The sphere of BI is very broad, and while only some elements are pertinent to the contact center, they are critical pieces for a holistic approach to CX. Key examples would be CRM, HR, QA, Sales, Marketing, etc. As with reporting from contact center vendors, analytics platforms from BI vendors are well-established, but prior to becoming CX-centric, organizations have not had much need to tap BI for contact center needs. Even if they did, the platforms are very different with no easy way to bridge them.
Comparing Contact Center and Business Intelligence Platforms
In a perfect world, analytics for the contact center would blend seamlessly with relevant BI data sets, but the current state appears to be rather imperfect. In preparation for this article, I have reviewed analytics platforms from 10 leading contact center vendors and 12 leading BI vendors. While not exhaustive research, I see a consistent pattern in both cases.
Among contact center vendors, the platforms are narrow in focus but deep. The analytics capabilities are quite rich, but largely contact center-centric. The familiar KPIs are all there, providing the core insights needed for operational efficiency and tracking agent performance. A few vendors specifically address BI integrations, but overall, these worlds seem pretty separate.
BI vendors, by nature, have the opposite orientation – wide in focus and not as deep. These platforms cover a broad swath, but with extensive segmentation to optimize the value of their analytics. Vertical markets would be one major vector, typically including healthcare, finance, public sector, education, retail, media, tech, etc. Given the complexities of each vertical, this focus is to be expected.
Another important vector is by function within the enterprise; IT, security, DevOps, infrastructure monitoring, supply chain, operations, finance, sale, marketing, HR, etc. Again, each has specific BI needs, so this vector also makes sense. All of this segmentation has utility, but there was limited mention anywhere of a contact center or CX as a specific application for BI. Just as contact center vendors generally have limited integration with BI, the same appears to hold here going the other way.
Eventus – Bringing These Worlds Together
This isn’t to say there isn’t a seamless platform that brings both of these together, but I haven’t come across one yet that’s firmly based in either space. In my view, that signals a gap in the market, and a prime opportunity to help contact centers follow the example set by the Tampa Bay Rays. There is clearly a need for contact centers to take reporting to another level, and this is where Big Data analytics comes into play, especially when all the relevant data sources can be integrated with a focus on CX.
During the course of my research, I have come across one company with this focus, and not surprisingly, they are not a contact center vendor, and nor are they a BI vendor. The company is Eventus, and as a consultancy with deep roots in the contact center space, they recognized this gap, and out of what they viewed as a necessity, have developed their own platform. Over the course of several interviews and briefings, I have come to understand the distinct challenges in addressing this gap.

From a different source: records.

Lemma laplacian_tr (R : nzRingType) n (e : rel 'I_n) :
  symmetric e -> (laplacian R e)^T = laplacian R e.
Proof.
move=> e_sym; apply/matrixP => i j; rewrite !mxE e_sym.
by case: eqVneq => [->|ij]; rewrite ?eqxx // eq_sym (negbTE ij).
Qed.

Section RandomWalk.
Variables (R : realFieldType) (n : nat) (e : rel 'I_n) (c : 'I_n -> rat).
Hypotheses (e_simple : simple_graph e) (c_gt0 : forall i, 0 < c i).
Hypothesis c_deg_lt1 : forall i, c i * (deg e i)%:R < 1.

Definition walk_mx : 'M[R]_n := 1%:M - diag_mx (\row_i ratr (c i)) *m laplacian R e.

Definition walk_stationary : 'cV[R]_n :=
  (\tr (diag_mx (\row_i (ratr (c i))^-1)))^-1 *: \col_i (ratr (c i))^-1.

Lemma walk_mx_diag i : walk_mx i i = 1 - ratr (c i) * (deg e i)%:R.
Proof. by rewrite /walk_mx mul_diag_mx !mxE eqxx e_simple.2 !mulr1n subr0. Qed.

Lemma walk_mx_offdiag i j : i != j -> walk_mx i j = ratr (c i) * (e i j)%:R.
Proof.
move=> /negbTE ij.
by rewrite /walk_mx mul_diag_mx !mxE ij !mulr0n !sub0r mulrN opprK.
Qed.

Lemma walk_mx_diag_gt0 i : 0 < walk_mx i i.
Proof.
have := c_deg_lt1 i; rewrite -(ltr_rat R) rmorphM /= ratr_nat rmorph1.
by rewrite walk_mx_diag subr_gt0.
Qed.

Lemma walk_mx_edge_gt0 i j : e i j -> 0 < walk_mx i j.
Proof.
move=> e_ij; have ij : i != j by apply: contraTneq e_ij => ->; rewrite e_simple.2.
by rewrite walk_mx_offdiag // e_ij mulr1 ltr0q.
Qed.

Lemma walk_stochastic : stochastic walk_mx.
Proof.
split; last by rewrite mulmxBl mul1mx -mulmxA laplacian_mulmx_ones mulmx0 subr0.
move=> i j; have [<-|ij] := eqVneq i j; first exact/ltW/walk_mx_diag_gt0.
by rewrite walk_mx_offdiag // mulr_ge0 ?ler0n // ler0q ltW.
Qed.

Lemma walk_stationary_ge0 k : 0 <= walk_stationary k 0.
Proof.
have c_inv_ge0 j : 0 <= (ratr (c j))^-1 :> R by rewrite invr_ge0 ler0q ltW.
rewrite !mxE mulr_ge0 // invr_ge0 mxtrace_diag.
by apply: sumr_ge0 => j _; rewrite mxE.
Qed.

Lemma walk_stationary_sum1 : (0 < n)%N -> \sum_k walk_stationary k 0 = 1.
Proof.
move=> n_gt0; under eq_bigr do rewrite !mxE.
rewrite -mulr_sumr mxtrace_diag (eq_bigr (fun j => (ratr (c j))^-1)) => [|j _].
  2: by rewrite mxE.
rewrite mulVf // gt_eqF // (bigD1 (Ordinal n_gt0)) //= ltr_pwDl ?invr_gt0 ?ltr0q //.
by apply: sumr_ge0 => j _; rewrite invr_ge0 ler0q ltW.
Qed.

Lemma walk_stationary_ones : (0 < n)%N -> walk_stationary^T *m ones R n = 1.
Proof.
move=> n_gt0; apply/matrixP => i j; rewrite !ord1 !mxE -(walk_stationary_sum1 n_gt0).
by apply: eq_bigr => k _; rewrite !mxE mulr1.
Qed.

Lemma walk_stationary_fixed : walk_stationary^T *m walk_mx = walk_stationary^T.
Proof.
rewrite mulmxBr mulmx1 mulmxA.
have -> : walk_stationary^T *m diag_mx (\row_i ratr (c i))
    = (\tr (diag_mx (\row_i (ratr (c i))^-1)))^-1 *: (ones R n)^T.
  apply/matrixP => i j; rewrite mul_mx_diag !mxE -mulrA mulVf ?gt_eqF ?ltr0q //.
rewrite -scalemxAl -[laplacian R e](laplacian_tr R e_simple.1) -trmx_mul.
by rewrite laplacian_mulmx_ones trmx0 scaler0 subr0.
Qed.

End RandomWalk.

Theorem lemma3p10 (R : realType) (n : nat) (e : rel 'I_n) (c : 'I_n -> rat) :
  (0 < n)%N ->
  simple_graph e -> graph_connected e ->
  (forall i, 0 < c i) ->
  (forall i, c i * (deg e i)%:R < 1) ->
  let C : 'M[R]_n := diag_mx (\row_i ratr (c i)) in
  let L : 'M[R]_n := laplacian R e in
  let P : 'M[R]_n := 1%:M - C *m L in
  let pi : 'cV[R]_n :=
    (\tr (diag_mx (\row_i (ratr (c i))^-1)))^-1 *: \col_i (ratr (c i))^-1 in
  let one : 'cV[R]_n := ones R n in
  let S : nat -> 'M[R]_n := fun t =>
    - (t%:R *: (one *m pi^T)) + \sum_(s < t) P ^+ s in
  repl_last (1%:M - P) one \in unitmx /\
  S @ \oo --> repl_last (1%:M - one *m pi^T) 0 *m invmx (repl_last (1%:M - P) one).
Proof.
move=> n_gt0 e_simple e_conn c_gt0 c_deg_lt1 C L P pi one S.
have sP : stochastic P := walk_stochastic R e_simple c_gt0 c_deg_lt1.
have piP : pi^T *m P = pi^T := walk_stationary_fixed R e_simple c_gt0.
have pi1 : pi^T *m one = 1 := walk_stationary_ones R c_gt0 n_gt0.
have [K [d [K_gt0 d_gt0 PKd]]] := stochastic_primitive sP
  (walk_mx_diag_gt0 R e_simple c_deg_lt1) (walk_mx_edge_gt0 R e_simple c_gt0) e_conn.
have pi_ge0 := walk_stationary_ge0 R c_gt0.
have pi_sum1 := walk_stationary_sum1 R c_gt0 n_gt0.
have A_unit : repl_last (1%:M - P) one \in unitmx.
  exact: unitmx_repl_last n_gt0 piP pi1
    (stochastic_fixed_const n_gt0 sP pi_ge0 pi_sum1 piP K_gt0 d_gt0 PKd).
split=> //.
have -> : S = fun t => repl_last (1%:M - P ^+ t) 0 *m invmx (repl_last (1%:M - P) one).
  by apply/funext => t; rewrite -(deviation_sum_mul_repl_last t sP.2 piP pi1) mulmxK.
apply: cvg_mulmxr; apply: cvg_repl_last; apply: cvgB; first exact: cvg_cst.
exact: cvg_stochastic_pow n_gt0 sP pi_ge0 pi_sum1 piP K_gt0 d_gt0 PKd.
Qed.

There certainly are complexities here that are beyond the scope of this article, and for that alone, I can see why BI or contact center vendors have not done this already. That said, the business value of doing this is clear to me, and for progressive contact centers aspiring to be like the Rays, giving Eventus a tryout could be a winning move. There may well be others with a similar platform, but I haven’t come across them yet. If you’re out there, I’d love to hear from you, in which case I’ll be back with another analysis soon.